Although the disciplinary action taken against Sanai in Washington stemmed from his handling of a personal family matter, rather than work undertaken for public or private clients, the bar concluded, “Sanai’s conduct in a neighboring state warranted disbarment in that state and it warrants disbarment in Oregon.”

Sanai was disbarred after the Washington Supreme Court upheld the Washington State Bar on all nine counts of a disciplinary finding alleging “blatant misconduct.” The allegations stemmed from a torrent of litigation he and his brother, a California-based lawyer, initiated on behalf of their mother in an exceptionally hostile divorce proceeding lasting for years.

When an Oregon lawyer is disbarred in another state, the Oregon Bar accepts that state’s factual conclusions. The issue is simply the level of reciprocal sanctions those conclusions warrant under Oregon rules.

In a lengthy argument filed with the bar in July, Sanai registered his objection to any form of Oregon discipline, on grounds Washington violated his constitutional right to due process in rendering its decision. But the bar rejected those claims.

Walsh said the disciplinary case now rests with the Oregon Supreme Court, which has no set timetable. She said it could allow Sanai to respond in writing to the bar’s decision, in person or both, or simply render a decision based on written filings already submitted by the opposing parties.

The bar advanced its disbarment recommendation despite a request from Sanai for yet another postponement, this time to allow for the U.S. Supreme Court to take action in two cases he maintains are germane to his due process arguments.

Repeated delays sought and obtained by Sanai also marked the disciplinary proceedings in Washington, which ultimately stretched out over 10 years. That contributed greatly to the voluminous size of the file.
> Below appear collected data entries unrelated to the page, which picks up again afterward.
Lemma ideal_gen_trans A B p : (forall q, A q -> ideal_gen B q) ->
  ideal_gen A p -> ideal_gen B p.
Proof.
move=> AB; apply: ideal_gen_ind; [exact: ideal_gen0 | exact: ideal_genD |].
by move=> r q /AB; apply: ideal_genMl.
Qed.

Lemma ideal_gen_sub A B p : (forall q, A q -> B q) -> ideal_gen A p -> ideal_gen B p.
Proof. by move=> AB; apply: ideal_gen_trans => q /AB; apply: ideal_gen_gen. Qed.

End IdealGen.

Section Revlex.
Variables (K : fieldType) (n : nat) (y : {perm 'I_n}).
Local Notation P := {mpoly K[n]}.
Local Notation "u <rl v" := (revlex_lt y u v) (at level 70).
Implicit Types (p q : P) (u v w m : 'X_{1..n}).

Lemma revlex_lt_irr u : ~~ (u <rl u).
Proof. by rewrite /revlex_lt ltnn eqxx; apply/existsP => -[k /andP[]]; rewrite ltnn. Qed.

Lemma revlex_lt_mdeg u v : u <rl v -> (mdeg u <= mdeg v)%N.
Proof. by case/orP=> [/ltnW | /andP[/eqP-> _]]. Qed.

Lemma revlex_lt_trans v u w : u <rl v -> v <rl w -> u <rl w.
Proof.
move=> uv vw; have uvD := revlex_lt_mdeg uv; have vwD := revlex_lt_mdeg vw.
rewrite /revlex_lt; case: (ltngtP (mdeg u) (mdeg w)) => //= [| uwE].
  by rewrite ltnNge (leq_trans uvD vwD).
have vwE : mdeg v = mdeg w by apply/anti_leq; rewrite vwD -uwE uvD.
move: uv vw; rewrite /revlex_lt uwE vwE ltnn eqxx /=.
move=> /existsP[k1 /andP[lt1 /forallP eq1]] /existsP[k2 /andP[lt2 /forallP eq2]].
apply/existsP; case: (ltngtP k1 k2) => k12.
- exists k2; move: (eq1 k2); rewrite k12 => /eqP<-; rewrite lt2 /=.
  apply/forallP => l; apply/implyP => k2l; move/implyP/(_ k2l): (eq2 l) => /eqP->.
  by move/implyP/(_ (ltn_trans k12 k2l)): (eq1 l).
- exists k1; move: (eq2 k1); rewrite k12 => /eqP->; rewrite lt1 /=.
  apply/forallP => l; apply/implyP => k1l; move/implyP/(_ k1l): (eq1 l) => /eqP<-.
  by move/implyP/(_ (ltn_trans k12 k1l)): (eq2 l).
- move/val_inj: k12 => k12; subst k2.
  exists k1; rewrite (ltn_trans lt2 lt1) /=.
  apply/forallP => l; apply/implyP => k1l; move/implyP/(_ k1l): (eq1 l) => /eqP<-.
  by move/implyP/(_ k1l): (eq2 l).
Qed.

Lemma revlex_lt_total u v : u != v -> (u <rl v) || (v <rl u).
Proof.
move=> uv; rewrite /revlex_lt; case: (ltngtP (mdeg u) (mdeg v)) => //= _.
have [k0 uvk0] : exists k, u (y k) != v (y k).
  apply/existsP; apply: contraR uv => /existsPn uvE; apply/eqP/mnmP => i.
  by move: (uvE ((y^-1)%g i)); rewrite permKV negbK => /eqP.
case: (@arg_maxnP _ k0 (fun k => u (y k) != v (y k)) val uvk0) => k uvk kmax.
have tailE (l : 'I_n) : (k < l)%N -> u (y l) = v (y l).
  by move=> kl; apply/eqP; apply: contraTT kl => /kmax; rewrite -leqNgt.
case: (ltngtP (u (y k)) (v (y k))) uvk => // uvk _; [apply/orP; right | apply/orP; left];
  apply/existsP; exists k; rewrite uvk /=;
  by apply/forallP => l; apply/implyP => /tailE ->.
Qed.

Lemma revlex_ltD2l w u v : (w + u)%MM <rl (w + v)%MM = (u <rl v).
Proof.
rewrite /revlex_lt !mdegD ltn_add2l eqn_add2l; congr (_ || (_ && _)).
apply: eq_existsb => k; rewrite !mnmDE ltn_add2l; congr (_ && _).
by apply: eq_forallb => l; rewrite !mnmDE eqn_add2l.
Qed.

Lemma is_lm_uniq p m1 m2 : is_lm y p m1 -> is_lm y p m2 -> m1 = m2.
Proof.
move=> [p1 max1] [p2 max2]; apply/eqP; apply: contraT => m12.
have m21 : m2 != m1 by rewrite eq_sym.
have := revlex_lt_trans (max1 _ p2 m21) (max2 _ p1 m12).
by rewrite (negbTE (revlex_lt_irr _)).
Qed.

Lemma exists_revlex_max (s : seq 'X_{1..n}) : s != [::] ->
  exists2 m, m \in s & forall m', m' \in s -> m' != m -> m' <rl m.
Proof.
elim: s => [|a s IHs] // _.
have [-> | /IHs[m ms maxm]] := eqVneq s [::].
  by exists a => [|m']; rewrite ?mem_head // inE => /eqP->; rewrite eqxx.
have [-> | am] := eqVneq a m.
  by exists m => [|m' /predU1P[-> /[!eqxx] | /maxm]]; rewrite ?mem_head.
case/orP: (revlex_lt_total am) => [am_lt | ma_lt].
  exists m => [|m' /predU1P[-> // | /maxm //]]; by rewrite inE ms orbT.
exists a => [|m' /predU1P[-> /[!eqxx] // | m's _]]; first by rewrite mem_head.
by have [-> // | m'm] := eqVneq m' m; apply: revlex_lt_trans (maxm _ m's m'm) ma_lt.
Qed.

Lemma exists_lm p : p != 0 -> exists m, is_lm y p m.
Proof.
by rewrite -msupp_eq0 => /exists_revlex_max[m pm maxm]; exists m.
Qed.

Lemma is_lm_XM p w m : is_lm y p m -> is_lm y ('X_[w] * p) (w + m)%MM.
Proof.
move=> [pm maxm]; split=> [|m']; first by rewrite msuppXM lem_addr addmC addmK.
rewrite msuppXM => /andP[wm' pm'] m'm; rewrite -(submK wm') addmC revlex_ltD2l.
by apply: maxm pm' _; apply: contra_neq m'm => <-; rewrite addmC submK.
Qed.

Lemma is_lm_XMK p w m : is_lm y ('X_[w] * p) m ->
  (w <= m)%MM /\ is_lm y p (m - w)%MM.
Proof.
move=> [wpm maxm]; move: (wpm); rewrite msuppXM => /andP[wm pmw]; split=> //.
split=> // m' pm' m'm; rewrite -(revlex_ltD2l w) [(w + (m - w))%MM]addmC submK //.
apply: maxm; first by rewrite msuppXM lem_addr addmC addmK.
by apply: contra_neq m'm => <-; rewrite addmC addmK.
Qed.
(* Let $X\subset \operatorname{int}(S^1\times[-1,1])$ be an annular continuum, and let $V$ and hairs be as defined in the context. Assume that there exists a sequence $\{\gamma_n\}_{n\ge1}$ of hairs of $V$ with $\min(\gamma_n)_1 \to -\infty$, and that for every sequence $\{\gamma_n\}_{n\ge 1}$ of hairs of $V$ with $\min(\gamma_n)_1\to-\infty$ one has $\max(\gamma_n)_1\to+\infty$. Then for every $R>1$ there exists $L'<0$ such that whenever $\gamma$ is a hair of $V+k$ for some integer $k\ge 0$ and $(\gamma(1))_1\le L'$, we have $R\in(\gamma)_1$.
   Context: $\pi\colon\mathbb{R}\times[-1,1]\to S^1\times[-1,1]$ is the universal cover, with deck transformation $T(x,y)=(x+1,y)$; for a set $S$ and $k\in\mathbb{Z}$, $S+k$ denotes $T^k(S)$. For a point or set $S$, $(S)_1$ denotes its image under the first-coordinate projection. An annular continuum $X\subset\operatorname{int}(S^1\times[-1,1])$ is a continuum whose complement consists of exactly two components, $U_-\supset S^1\times\{-1\}$ and $U_+\supset S^1\times\{1\}$. Let $\tilde X=\pi^{-1}(X)$, $\tilde U_+=\pi^{-1}(U_+)$. Let $\eta=\max\{y:(0,y)\in\tilde X\}$, $x_0=(0,\eta)$, $\beta$ the vertical segment from $(0,1)$ to $x_0$, and $\beta'=\beta\setminus\{x_0\}$. The arcs $\beta'$ and $\beta'+1$ bound a region in $\tilde U_+$ containing $(0,1)\times\{1\}$; $V$ is the closure of this region relative to $\tilde U_+$. A hair of $V$ is an arc $\gamma\colon[0,1]\to V$ with $\gamma(0)\in\mathbb{R}\times\{1\}$ (identified with its image). An arc $\gamma$ is a hair of $V+k$ if $\gamma-k$ is a hair of $V$. (The paper phrases the hypothesis on $\gamma$ as ''$\gamma$ is a hair contained in $V^+=\bigcup_{j\ge 0}(V+j)$''.) *)

From HB Require Import structures.
From mathcomp Require Import all_boot all_order all_algebra.
From mathcomp Require Import all_classical all_reals all_analysis.
Set Implicit Arguments. Unset Strict Implicit. Unset Printing Implicit Defensive.
Import Order.TTheory GRing.Theory Num.Theory.
Import numFieldNormedType.Exports.
Local Open Scope classical_set_scope.
Local Open Scope ring_scope.

Section Annulus.
Variable R : realType.

(* the strip R x [-1,1] (universal cover of the closed annulus) *)
Definition strip : set (R * R) := [set p | -1 <= p.2 <= 1].

(* the closed annulus S^1 x [-1,1], realised concretely in the plane as
   {1 <= |z| <= 3} via the covering map (x,y) |-> (2+y) e^{2 pi i x} *)
Definition cover (p : R * R) : R * R :=
  ((2 + p.2) * cos (2 * pi * p.1), (2 + p.2) * sin (2 * pi * p.1)).

Definition annulus : set (R * R) := cover @` strip.

Definition annulus_interior : set (R * R) := cover @` [set p | -1 < p.2 < 1].

Definition annular_continuum (X Um Up : set (R * R)) : Prop :=
  [/\ X `<=` annulus_interior, X !=set0, compact X & connected X] /\
  [/\ (exists2 a, (annulus `\` X) a & Um = connected_component (annulus `\` X) a),
      (exists2 b, (annulus `\` X) b & Up = connected_component (annulus `\` X) b),
      Um `&` Up = set0 /\ Um `|` Up = annulus `\` X,
      cover @` [set p | p.2 = -1] `<=` Um &
      cover @` [set p | p.2 = 1] `<=` Up].

Definition lift (A : set (R * R)) : set (R * R) := strip `&` cover @^-1` A.

(* S + k = T^k(S) with T(x,y) = (x+1,y) *)
Definition shift (k : R) (S : set (R * R)) : set (R * R) :=
  [set p | S (p.1 - k, p.2)].

Definition is_eta (X : set (R * R)) (eta : R) : Prop :=
  lift X (0, eta) /\ forall y, lift X (0, y) -> y <= eta.

Definition beta' (eta : R) : set (R * R) := [set p | p.1 = 0 /\ eta < p.2 <= 1].

(* V: closure, relative to lift Up, of the region of lift Up bounded by
   beta' and beta'+1 containing (0,1) x {1} (i.e. the component of
   lift Up minus (beta' u (beta'+1)) containing (1/2,1)) *)
Definition Vset (Up : set (R * R)) (eta : R) : set (R * R) :=
  closure (connected_component
             (lift Up `\` (beta' eta `|` shift 1 (beta' eta))) (2^-1, 1))
  `&` lift Up.

Definition I01 : set R := [set t | 0 <= t <= 1].

Definition hair (V : set (R * R)) (g : R -> R * R) : Prop :=
  [/\ {within I01, continuous g},
      (forall s t, I01 s -> I01 t -> g s = g t -> s = t),
      g @` I01 `<=` V &
      (g 0).2 = 1].

Definition hair_shift (V : set (R * R)) (k : nat) (g : R -> R * R) : Prop :=
  hair V (fun t => ((g t).1 - k%:R, (g t).2)).

Definition min1_to_minfty (gs : nat -> R -> R * R) : Prop :=
  forall M : R, exists N, forall n, (N <= n)%N ->
    exists2 t, I01 t & ((gs n t).1 <= M).

Definition max1_to_pinfty (gs : nat -> R -> R * R) : Prop :=
  forall M : R, exists N, forall n, (N <= n)%N ->
    exists2 t, I01 t & (M <= (gs n t).1).

End Annulus.

(** If the conclusion failed for some [r], there would be hairs of
    translates [V + k_n] whose endpoints have first coordinate at most [-n] but whose
    projections miss [r]. Translating them by [-k_n] gives hairs of [V] whose
    projections are unbounded below, so by hypothesis they are eventually unbounded above:
    some translated-back hair reaches [r], hence so does the original hair, which lies
    [k_n >= 0] further to the right. As its endpoint lies to the left of [r], the
    intermediate value theorem makes its projection take the value [r]. *)

From HB Require Import structures.
From mathcomp Require Import all_boot all_order all_algebra.
From mathcomp Require Import all_classical all_reals all_analysis.
From mathcomp Require Import lra.
Set Implicit Arguments. Unset Strict Implicit. Unset Printing Implicit Defensive.
Import Order.TTheory GRing.Theory Num.Theory.
Import numFieldNormedType.Exports.
Local Open Scope classical_set_scope.
Local Open Scope ring_scope.

Section Hairs.
Variable R : realType.
Implicit Types (V : set (R * R)) (g : R -> R * R) (gs : nat -> R -> R * R).

Definition shift_path (k : nat) g : R -> R * R := fun t => ((g t).1 - k%:R, (g t).2).

Lemma continuous_within_fst (A : set R) g :
  {within A, continuous g} -> {within A, continuous (fun t => (g t).1)}.
Proof. by move=> cg x; apply: continuous_comp (cg x) _; exact: cvg_fst. Qed.

Lemma hair_fst_continuous V g : hair V g -> {within @I01 R, continuous (fun t => (g t).1)}.
Proof. by case=> cg _ _ _; exact: continuous_within_fst. Qed.

Lemma I01_itv (a t : R) : 0 <= a -> t \in `[a, 1] -> I01 t.
Proof. by move=> a0; rewrite in_itv /= => /andP[a_t t1]; apply/andP; split=> //; lra. Qed.

Lemma IVT_I01 (f : R -> R) (t v : R) :
  {within @I01 R, continuous f} -> I01 t -> f 1 <= v <= f t ->
  exists2 c, I01 c & f c = v.
Proof.
move=> cf /andP[t0 t1] /andP[f1v vft].
have cf' : {within `[t, 1], continuous f}.
  by apply: continuous_subspaceW cf => x; exact: I01_itv.
have v_between : Num.min (f t) (f 1) <= v <= Num.max (f t) (f 1).
  by rewrite ge_min le_max f1v vft orbT.
have [c ct fc] := IVT t1 cf' v_between.
by exists c => //; exact: I01_itv ct.
Qed.

Lemma endpoint_min1_to_minfty gs :
  (forall n, (gs n 1).1 <= - n%:R) -> min1_to_minfty gs.
Proof.
move=> end_le M; exists (Num.truncn (- M)).+1 => n Nn.
exists 1; first by rewrite /I01 /= ler01 lexx.
have Mlt := truncnS_gt (- M).
have : (Num.truncn (- M)).+1%:R <= n%:R :> R by rewrite ler_nat.
have := end_le n; lra.
Qed.

Lemma shift_path_fst_le k g t : (shift_path k g t).1 <= (g t).1.
Proof. by rewrite /= lerBlDr lerDl. Qed.

End Hairs.

Theorem lemma5 (R : realType) (X Um Up : set (R * R)) (eta : R) :
  annular_continuum X Um Up ->
  is_eta X eta ->
  (exists gs : nat -> R -> R * R,
      (forall n, hair (Vset Up eta) (gs n)) /\ min1_to_minfty gs) ->
  (forall gs : nat -> R -> R * R,
      (forall n, hair (Vset Up eta) (gs n)) ->
      min1_to_minfty gs -> max1_to_pinfty gs) ->
  forall r : R, 1 < r ->
  exists2 L' : R, L' < 0 &
    forall (k : nat) (g : R -> R * R),
      hair_shift (Vset Up eta) k g ->
      (g 1).1 <= L' ->
      exists2 t, I01 t & (g t).1 = r.
Proof.
move=> _ _ _ unbounded r r_gt1; apply: contrapT => no_L.
have bad n : exists kg : nat * (R -> R * R),
    [/\ hair_shift (Vset Up eta) kg.1 kg.2, (kg.2 1).1 <= - n.+1%:R &
        ~ exists2 t, I01 t & (kg.2 t).1 = r].
  apply: contrapT => none; apply: no_L; exists (- n.+1%:R); first by rewrite oppr_lt0.
  by move=> k g hg g1; apply: contrapT => miss; apply: none; exists (k, g).
have [kg /all_and3[hairs end_le misses]] := choice bad.
pose gs n := shift_path (kg n).1 (kg n).2.
have gs_min : min1_to_minfty gs.
  apply: endpoint_min1_to_minfty => n; apply: le_trans (shift_path_fst_le _ _ _) _.
  by apply: le_trans (end_le n) _; rewrite lerN2 ler_nat.
have [N /(_ N (leqnn N))[t t01 r_le]] := unbounded gs hairs gs_min r.
have r_between : (gs N 1).1 <= r - (kg N).1%:R <= (gs N t).1.
  apply/andP; split; last by apply: le_trans r_le; rewrite lerBlDr lerDl.
  rewrite /= lerD2r; apply: le_trans (end_le N) _.
  by rewrite -natr1 opprD; have := ler0n R N; lra.
have [c c01 gc] := IVT_I01 (hair_fst_continuous (hairs N)) t01 r_between.
by apply: (misses N); exists c => //; move: gc => /=; lra.
Qed.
Sanai is also facing possible disciplinary action in Oregon over his alleged failure to notify the bar of the initiation of disbarment proceedings in Washington in the first place. He contends he provided such notice, but the bar says it has no record.

Walsh said the matter remains under investigation. She said up to a dozen lawyers are disbarred in Oregon in any given year, but reciprocal disbarments are rare.